What you produce should be every line from the data that includes "tedges".

** Opening INFORMATION GIVEN block **

(* Let $T$ be a tree, with all vertex capacities equal to $1$, given a rooted planar embedding whose root is a leaf, and let $E$ be the set of edges from each non-leaf vertex to its first child (in the planar order). Then the tree associated to $(T,E)$ has distributable capacity. Moreover, if $E'$ is any set of edges of $T$ with $E'\cap E=\emptyset$ and $U$ is a connected component of the forest obtained by deleting $E'$ from $T$, then the tree associated to $(U,E\cap E(U))$ also has distributable capacity.
   Context: For a tree $T$ with vertex capacities $\mathrm{cap}(v)$ and a subset $E$ of its edges, the tree associated to $(T,E)$ is the tree whose vertices are the connected components of the forest obtained from $T$ by deleting the edges in $E$, whose edges are the edges of $E$, and in which the capacity of a component is the sum of the capacities of its vertices. A tree with capacities has distributable capacity if every vertex $v$ satisfies $\mathrm{cap}(v)\ge\deg(v)-1$. *)

From mathcomp Require Import all_boot.
Set Implicit Arguments. Unset Strict Implicit. Unset Printing Implicit Defensive.

Section Defs.
Variable V : finType.

Definition is_rooted_tree (r : V) (par : V -> V) : Prop :=
  par r = r /\ forall v : V, exists k : nat, iter k par v = r.

Definition tedges (r : V) (par : V -> V) : {set {set V}} :=
  [set [set v; par v] | v in [set v : V | v != r]].

Definition gdeg (F : {set {set V}}) (v : V) : nat := #|[set e in F | v \in e]|.

Definition children (r : V) (par : V -> V) (v : V) : {set V} :=
  [set c : V | (c != r) && (par c == v)].

(* The planar embedding (order of the children of each vertex) is encoded
   by an injective rank: the children of v are ordered by increasing rank. *)
Definition first_child (r : V) (par : V -> V) (rank : V -> nat) (v c : V) : bool :=
  (c \in children r par v) && [forall c' in children r par v, rank c <= rank c'].

(* E = edges from each non-leaf vertex (degree >= 2 in T) to its first child *)
Definition first_child_edges (r : V) (par : V -> V) (rank : V -> nat)
  : {set {set V}} :=
  [set [set v; c] | v in [set v : V | 1 < gdeg (tedges r par) v],
                    c in [set c : V | first_child r par rank v c]].

Definition adj (F : {set {set V}}) : rel V := fun x y => [set x; y] \in F.

Definition comp_of (W : {set V}) (F : {set {set V}}) (x : V) : {set V} :=
  [set y in W | connect (adj F) x y].

Definition comps (W : {set V}) (F : {set {set V}}) : {set {set V}} :=
  [set comp_of W F x | x in W].

Definition induced_edges (F : {set {set V}}) (U : {set V}) : {set {set V}} :=
  [set e in F | e \subset U].

End Defs.

Record ctree (A : finType) := CTree {
  ct_verts : {set A};
  ct_edges : {set {set A}};
  ct_cap   : A -> nat }.

Definition ct_deg (A : finType) (G : ctree A) (v : A) : nat :=
  #|[set e in ct_edges G | v \in e]|.

Definition distributable (A : finType) (G : ctree A) : Prop :=
  forall v, v \in ct_verts G -> ct_deg G v - 1 <= ct_cap G v.

Definition assoc_tree (V : finType) (W : {set V}) (F E : {set {set V}})
  (cap : V -> nat) : ctree {set V} :=
  CTree (comps W (F :\: E))
        [set (comp_of W (F :\: E)) @: e | e : {set V} in E]
        (fun C => \sum_(v in C) cap v).

(** With unit capacities a vertex [C] of the associated tree has capacity
    [#|C|], so it suffices that at most [#|C| + 1] edges of [E] meet the
    component [C].  Such an edge either joins some [v] in [C] to its first child
    (at most one per vertex of [C]), or joins a vertex [c] of [C] to its parent
    outside [C]; as [C] is connected through tree edges, every vertex of [C]
    descends from such a [c], so there is at most one of them. *)

From mathcomp Require Import all_boot.

Set Implicit Arguments.
Unset Strict Implicit.
Unset Printing Implicit Defensive.

Section FirstChildForest.
Variable V : finType.
Variables (r : V) (par : V -> V) (rank : V -> nat).
Hypothesis par_tree : is_rooted_tree r par.
Hypothesis rank_inj : injective rank.

Lemma par_neq v : v != r -> par v != v.
Proof.
move=> vr; apply/eqP=> pv; case: par_tree => _ /(_ v) [k].
have -> : iter k par v = v by elim: k => //= k ->.
by move/eqP; rewrite (negbTE vr).
Qed.

Lemma tedge_parent y z : [set y; z] \in tedges r par ->
  (z = par y /\ y != r) \/ (y = par z /\ z != r).
Proof.
case/imsetP => v; rewrite inE => vr E.
have pv := par_neq vr.
have yv : y \in [set v; par v] by rewrite -E set21.
have zv : z \in [set v; par v] by rewrite -E set22.
have vyz : v \in [set y; z] by rewrite E set21.
have pyz : par v \in [set y; z] by rewrite E set22.
move: pyz vyz; case/set2P: yv => ->; case/set2P: zv => ->.
- by move=> /set2P [] H; rewrite H eqxx in pv.
- by left.
- by right.
- by move=> _ /set2P [] H; rewrite -H eqxx in pv.
Qed.

Lemma first_child_uniq v c c' :
  first_child r par rank v c -> first_child r par rank v c' -> c = c'.
Proof.
move=> /andP [cv /forall_inP le_c] /andP [c'v /forall_inP le_c'].
by apply: rank_inj; apply/anti_leq; rewrite le_c // le_c'.
Qed.

Definition first_child_of v := odflt v [pick c | first_child r par rank v c].

Lemma first_child_ofE v c : first_child r par rank v c -> first_child_of v = c.
Proof.
rewrite /first_child_of; case: pickP => [c' fc' fc|/(_ c) -> //].
exact: first_child_uniq fc' fc.
Qed.

Definition tops (C : {set V}) := [set c in C | par c \notin C].

Lemma first_child_edge_meets (C : {set V}) e x :
  e \in first_child_edges r par rank -> x \in e -> x \in C ->
  e \in [set [set v; first_child_of v] | v in C]
        :|: [set [set par c; c] | c in tops C].
Proof.
case/imset2P => v c; rewrite !inE => _ fc_vc -> xe xC.
have [vC | vNC] := boolP (v \in C).
  by apply/orP; left; apply/imsetP; exists v; rewrite ?(first_child_ofE fc_vc).
have pc : par c = v by case/andP: fc_vc => /[!inE] /andP [_ /eqP].
have cC : c \in C by case/set2P: xe => xv; [rewrite xv (negbTE vNC) in xC | rewrite -xv].
by apply/orP; right; apply/imsetP; exists c; rewrite ?inE ?cC ?pc.
Qed.

Section TreeSubgraph.
Variable F : {set {set V}}.
Hypothesis F_tree : F \subset tedges r par.

Lemma adjC : connect_sym (adj F).
Proof. by apply: sym_connect_sym => a b; rewrite /adj setUC. Qed.

Lemma connect_descendant c y :
  ~~ connect (adj F) c (par c) -> connect (adj F) c y ->
  exists k, iter k par y = c /\ forall j, j <= k -> connect (adj F) c (iter j par y).
Proof.
move=> cNpc /connectP [p]; elim/last_ind: p y => [|p z IH] y.
  by move=> _ ->; exists 0; split=> // j; rewrite leqn0 => /eqP ->.
rewrite rcons_path last_rcons => /andP [cp wz] ->{y}.
have [k [iter_k conn_k]] := IH _ cp erefl.
move: (last c p) iter_k conn_k wz => w iter_k conn_k wz.
have cz : connect (adj F) c z := connect_trans (conn_k 0 isT) (connect1 wz).
case: (tedge_parent (subsetP F_tree _ wz)) => [[zpw _]|[wpz _]].
- case: k iter_k conn_k => [|k] iter_k conn_k.
    by rewrite /= in iter_k; rewrite zpw iter_k (negbTE cNpc) in cz.
  by exists k; split=> [|j jk]; rewrite zpw -iterSr //; apply: conn_k.
- exists k.+1; split; first by rewrite iterSr -wpz.
  by case=> [|j] jk //; rewrite iterSr -wpz; apply: conn_k.
Qed.

Lemma top_uniq c1 c2 :
  connect (adj F) c1 c2 ->
  ~~ connect (adj F) c1 (par c1) -> ~~ connect (adj F) c2 (par c2) -> c1 = c2.
Proof.
move=> c12 c1N c2N; have [[|k] [iter_k conn_k]] := connect_descendant c1N c12.
  by [].
by move: (conn_k 1 isT) c2N => /= c1pc2; rewrite (connect_trans _ c1pc2) // adjC.
Qed.

Variable W : {set V}.
Hypothesis F_in_W : forall e, e \in F -> e \subset W.

Lemma mem_comp_of x y : x \in W -> (y \in comp_of W F x) = connect (adj F) x y.
Proof.
rewrite inE => xW; apply/andP/idP=> [[] // | xy]; split=> //.
case/connectP: xy => p; elim/last_ind: p => [_ -> //|p z _].
rewrite rcons_path last_rcons => /andP [_ wz] ->.
exact: subsetP (F_in_W wz) _ (set22 _ _).
Qed.

Lemma card_tops_comp x : x \in W -> #|tops (comp_of W F x)| <= 1.
Proof.
move=> xW; apply/card_le1_eqP => c1 c2 /setIdP [+ +] /setIdP [+ +].
rewrite !mem_comp_of //.
have noexit c : connect (adj F) x c -> ~~ connect (adj F) x (par c) ->
    ~~ connect (adj F) c (par c).
  by move=> xc; apply: contra; apply: connect_trans.
move=> xc1 /(noexit _ xc1) c1N xc2 /(noexit _ xc2) c2N.
by apply: (top_uniq _ c2N c1N); apply: connect_trans xc1; rewrite adjC.
Qed.

End TreeSubgraph.

Lemma distributable_assoc_first_child (W : {set V}) (Fg Eg : {set {set V}}) :
  Fg \subset tedges r par -> Eg \subset first_child_edges r par rank ->
  (forall e, e \in Fg -> e \subset W) -> (forall e, e \in Eg -> e \subset W) ->
  distributable (assoc_tree W Fg Eg (fun _ => 1)).
Proof.
move=> Fg_tree Eg_fc Fg_W Eg_W _ /imsetP [x xW ->].
set F := Fg :\: Eg; set C := comp_of W F x; set comp := comp_of W F.
have F_tree : F \subset tedges r par := subset_trans (subsetDl _ _) Fg_tree.
have F_W e : e \in F -> e \subset W by case/setDP=> /Fg_W.
pose S := [set e in Eg | C \in comp @: e].
have deg_S : ct_deg (assoc_tree W Fg Eg (fun _ => 1)) C <= #|S|.
  apply: leq_trans (leq_imset_card (fun e : {set V} => comp @: e) S).
  rewrite /ct_deg /=; apply: subset_leq_card.
  apply/subsetP => _ /[!inE] /andP [/imsetP [e eE ->] Ce].
  by apply/imsetP; exists e; rewrite // inE eE.
have S_sub : S \subset [set [set v; first_child_of v] | v in C]
                       :|: [set [set par c; c] | c in tops C].
  apply/subsetP => e /setIdP [eE /imsetP [y ye Cy]].
  apply: (first_child_edge_meets (subsetP Eg_fc _ eE) ye).
  by rewrite Cy inE (subsetP (Eg_W _ eE)) ?connect0.
rewrite /= sum1_card leq_subLR; apply: (leq_trans deg_S).
apply: leq_trans (subset_leq_card S_sub) _; apply: leq_trans (leq_card_setU _ _) _.
rewrite addnC; apply: leq_add; last exact: leq_imset_card.
exact: leq_trans (leq_imset_card _ _) (card_tops_comp F_tree F_W xW).
Qed.

End FirstChildForest.

Theorem mainTheorem5 (V : finType) (r : V) (par : V -> V) (rank : V -> nat) :
  is_rooted_tree r par ->
  injective rank ->
  gdeg (tedges r par) r = 1 ->
  distributable
    (assoc_tree [set: V] (tedges r par) (first_child_edges r par rank)
                (fun _ => 1)) /\
  (forall (E' : {set {set V}}) (U : {set V}),
     E' \subset tedges r par ->
     [disjoint E' & first_child_edges r par rank] ->
     U \in comps [set: V] (tedges r par :\: E') ->
     distributable
       (assoc_tree U (induced_edges (tedges r par) U)
          (first_child_edges r par rank :&: induced_edges (tedges r par) U)
          (fun _ => 1))).
Proof.
move=> par_tree rank_inj _; split.
  by apply: (distributable_assoc_first_child par_tree rank_inj) => // e _; apply: subsetT.
move=> E' U _ _ _; apply: (distributable_assoc_first_child par_tree rank_inj) => //.
- by apply/subsetP => e /[!inE] /andP [].
- exact: subsetIl.
- by move=> e /[!inE] /andP [].
- by move=> e /[!inE] /andP [_ /andP []].
Qed.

** Closing INFORMATION GIVEN block **

OUTPUT ▸
Definition tedges (r : V) (par : V -> V) : {set {set V}} :=
  [set [set v; c] | v in [set v : V | 1 < gdeg (tedges r par) v],
Lemma tedge_parent y z : [set y; z] \in tedges r par ->
Hypothesis F_tree : F \subset tedges r par.
  Fg \subset tedges r par -> Eg \subset first_child_edges r par rank ->
have F_tree : F \subset tedges r par := subset_trans (subsetDl _ _) Fg_tree.
  gdeg (tedges r par) r = 1 ->
    (assoc_tree [set: V] (tedges r par) (first_child_edges r par rank)
     E' \subset tedges r par ->
     U \in comps [set: V] (tedges r par :\: E') ->
       (assoc_tree U (induced_edges (tedges r par) U)
          (first_child_edges r par rank :&: induced_edges (tedges r par) U)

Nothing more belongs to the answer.